◆ Problem
What is wanted is the line holding "Definition Aop (R" and every later line through the end of the entries, set down exactly.

◆ Stored items
───

(* Let $\mathcal{F}$ be a Hilbert space and $N\ge1$. Let $\Omega_1(t),\dots,\Omega_N(t)$ be invertible, differentiable operators on $\mathcal{F}$. Set $\widetilde{\Sigma}_j(t)={\rm i}\,\Omega_j^{-1}(t)\dot\Omega_j(t)$, $\Sigma_{N+1}(t)=0$ and $\Sigma_j(t)=\widetilde\Sigma_j(t)+\Omega_j^{-1}(t)\Sigma_{j+1}(t)\Omega_j(t)$ for $j=N,\dots,1$. Let $\mathfrak a$ be a time-independent operator on $\mathcal F$, put $A_N(t)=\mathfrak a$, and define recursively $A_{j-1}(t)=\Omega_j^{-1}(t)A_j(t)\Omega_j(t)$ (i.e. $\Omega_j(t)A_{j-1}(t)=A_j(t)\Omega_j(t)$) for $j=N,\dots,1$. Then for every $k=1,\dots,N$, $${\rm i}\frac{d}{dt}A_{N-k}(t)=A_{N-k}(t)\,\Sigma_{N-k+1}(t)-\Sigma_{N-k+1}(t)\,A_{N-k}(t).$$
   Context: $\dot\Omega_j(t)=\frac{d}{dt}\Omega_j(t)$. The $\Sigma_j$ are the composite quantum Coriolis forces; $A_j(t)$ represents an observable (self-adjoint, time-independent $\mathfrak a$ in the conventional picture $j=N$) in the $j$-th representation. *)

From HB Require Import structures.
From mathcomp Require Import all_boot all_order all_algebra.
From mathcomp Require Import all_classical all_reals all_analysis.
From mathcomp Require Export complex.
Set Implicit Arguments. Unset Strict Implicit. Unset Printing Implicit Defensive.
Import Order.TTheory GRing.Theory Num.Theory.
Import numFieldNormedType.Exports.
Local Open Scope ring_scope.
Local Open Scope complex_scope.

Definition hilbert_ip (R : realType) (H : completeNormedModType R[i])
    (ip : H -> H -> R[i]) : Prop :=
  [/\ forall a (u v w : H), ip (a *: u + v) w = a * ip u w + ip v w,
      forall u v : H, ip v u = (ip u v)^*,
      forall v : H, 0 <= ip v v &
      forall v : H, `|v| ^+ 2 = ip v v].

Definition bounded_op (R : realType) (H : normedModType R[i]) (X : H -> H) : Prop :=
  (forall (a : R[i]) (u v : H), X (a *: u + v) = a *: X u + X v) /\
  exists M : R, forall v : H, `|X v| <= M%:C * `|v|.

(* X' t is the derivative at t of the operator-valued function X, in the
   operator-norm (uniform) topology: for every e > 0 there is d > 0 with
   || X(t+h) - X(t) - h X'(t) ||_op <= e |h|  whenever |h| < d. *)
Definition op_deriv (R : realType) (H : normedModType R[i])
    (X X' : R -> H -> H) (t : R) : Prop :=
  forall e : R, 0 < e -> exists2 d : R, 0 < d &
    forall h : R, `|h| < d -> forall v : H,
      `|X (t + h) v - X t v - h%:C *: X' t v| <= (e * `|h|)%:C * `|v|.

Definition opcomp (T : Type) (X Y : T -> T) : T -> T := fun v => X (Y v).
Definition opsub (R : realType) (H : normedModType R[i]) (X Y : H -> H) : H -> H :=
  fun v => X v - Y v.
Definition opadd (R : realType) (H : normedModType R[i]) (X Y : H -> H) : H -> H :=
  fun v => X v + Y v.
Definition opscale (R : realType) (H : normedModType R[i]) (a : R[i]) (X : H -> H)
  : H -> H := fun v => a *: X v.

(* Sigma_aux m t = Sigma_{N+1-m}(t):
   Sigma_{N+1} = 0,
   Sigma_j = i Om_j^{-1} dOm_j + Om_j^{-1} Sigma_{j+1} Om_j. *)
Fixpoint Sigma_aux (R : realType) (H : normedModType R[i]) (N : nat)
    (Om Omi Omd : nat -> R -> H -> H) (m : nat) (t : R) : H -> H :=
  match m with
  | 0 => fun _ => 0
  | m'.+1 =>
      let j := (N - m')%N in
      opadd (opscale 'i (opcomp (Omi j t) (Omd j t)))
            (opcomp (Omi j t) (opcomp (Sigma_aux N Om Omi Omd m' t) (Om j t)))
  end.

(* Sigma j t = Sigma_j(t), for 1 <= j <= N+1 *)
Definition Sigma (R : realType) (H : normedModType R[i]) (N : nat)
    (Om Omi Omd : nat -> R -> H -> H) (j : nat) (t : R) : H -> H :=
  Sigma_aux N Om Omi Omd (N.+1 - j) t.

(* A_aux m t = A_{N-m}(t): A_N = a, A_{j-1} = Om_j^{-1} A_j Om_j. *)
Fixpoint A_aux (R : realType) (H : normedModType R[i]) (N : nat)
    (Om Omi : nat -> R -> H -> H) (a : H -> H) (m : nat) (t : R) : H -> H :=
  match m with
  | 0 => a
  | m'.+1 => let j := (N - m')%N in
             opcomp (Omi j t) (opcomp (A_aux N Om Omi a m' t) (Om j t))
  end.

(* Aop j t = A_j(t), for 0 <= j <= N *)
Definition Aop (R : realType) (H : normedModType R[i]) (N : nat)
    (Om Omi : nat -> R -> H -> H) (a : H -> H) (j : nat) (t : R) : H -> H :=
  A_aux N Om Omi a (N - j) t.

From HB Require Import structures.
From mathcomp Require Import all_boot all_order all_algebra.
From mathcomp Require Import all_classical all_reals all_analysis.
From mathcomp Require Import complex.
From mathcomp Require Import ring lra.
Import Order.TTheory GRing.Theory Num.Theory.
Import numFieldNormedType.Exports.
Local Open Scope ring_scope.
Local Open Scope complex_scope.
Set Implicit Arguments. Unset Strict Implicit. Unset Printing Implicit Defensive.

(* A_{j-1} = Ω_j^{-1} A_j Ω_j, so the product rule and (Ω^{-1})' = -Ω^{-1} Ω' Ω^{-1} turn
   i A_j' = [A_j, Σ_{j+1}] into i A_{j-1}' = [A_{j-1}, i Ω_j^{-1} Ω_j' + Ω_j^{-1} Σ_{j+1} Ω_j]
   = [A_{j-1}, Σ_j]; the induction starts from the constant A_N = 𝔞, where Σ_{N+1} = 0.
   Derivatives are taken in operator norm, so these calculus rules rest on uniform bounds
   ‖E(h)‖ ≤ e|h| near h = 0. *)

Section OperatorBounds.
Variables (R : realType) (H : normedModType R[i]).
Implicit Types (X Y : H -> H) (u v : H) (M K : R).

───

◆ Exercise output
Definition Aop (R : realType) (H : normedModType R[i]) (N : nat)
    (Om Omi : nat -> R -> H -> H) (a : H -> H) (j : nat) (t : R) : H -> H :=
  A_aux N Om Omi a (N - j) t.

From HB Require Import structures.
From mathcomp Require Import all_boot all_order all_algebra.
From mathcomp Require Import all_classical all_reals all_analysis.
From mathcomp Require Import complex.
From mathcomp Require Import ring lra.
Import Order.TTheory GRing.Theory Num.Theory.
Import numFieldNormedType.Exports.
Local Open Scope ring_scope.
Local Open Scope complex_scope.
Set Implicit Arguments. Unset Strict Implicit. Unset Printing Implicit Defensive.

(* A_{j-1} = Ω_j^{-1} A_j Ω_j, so the product rule and (Ω^{-1})' = -Ω^{-1} Ω' Ω^{-1} turn
   i A_j' = [A_j, Σ_{j+1}] into i A_{j-1}' = [A_{j-1}, i Ω_j^{-1} Ω_j' + Ω_j^{-1} Σ_{j+1} Ω_j]
   = [A_{j-1}, Σ_j]; the induction starts from the constant A_N = 𝔞, where Σ_{N+1} = 0.
   Derivatives are taken in operator norm, so these calculus rules rest on uniform bounds
   ‖E(h)‖ ≤ e|h| near h = 0. *)

Section OperatorBounds.
Variables (R : realType) (H : normedModType R[i]).
Implicit Types (X Y : H -> H) (u v : H) (M K : R).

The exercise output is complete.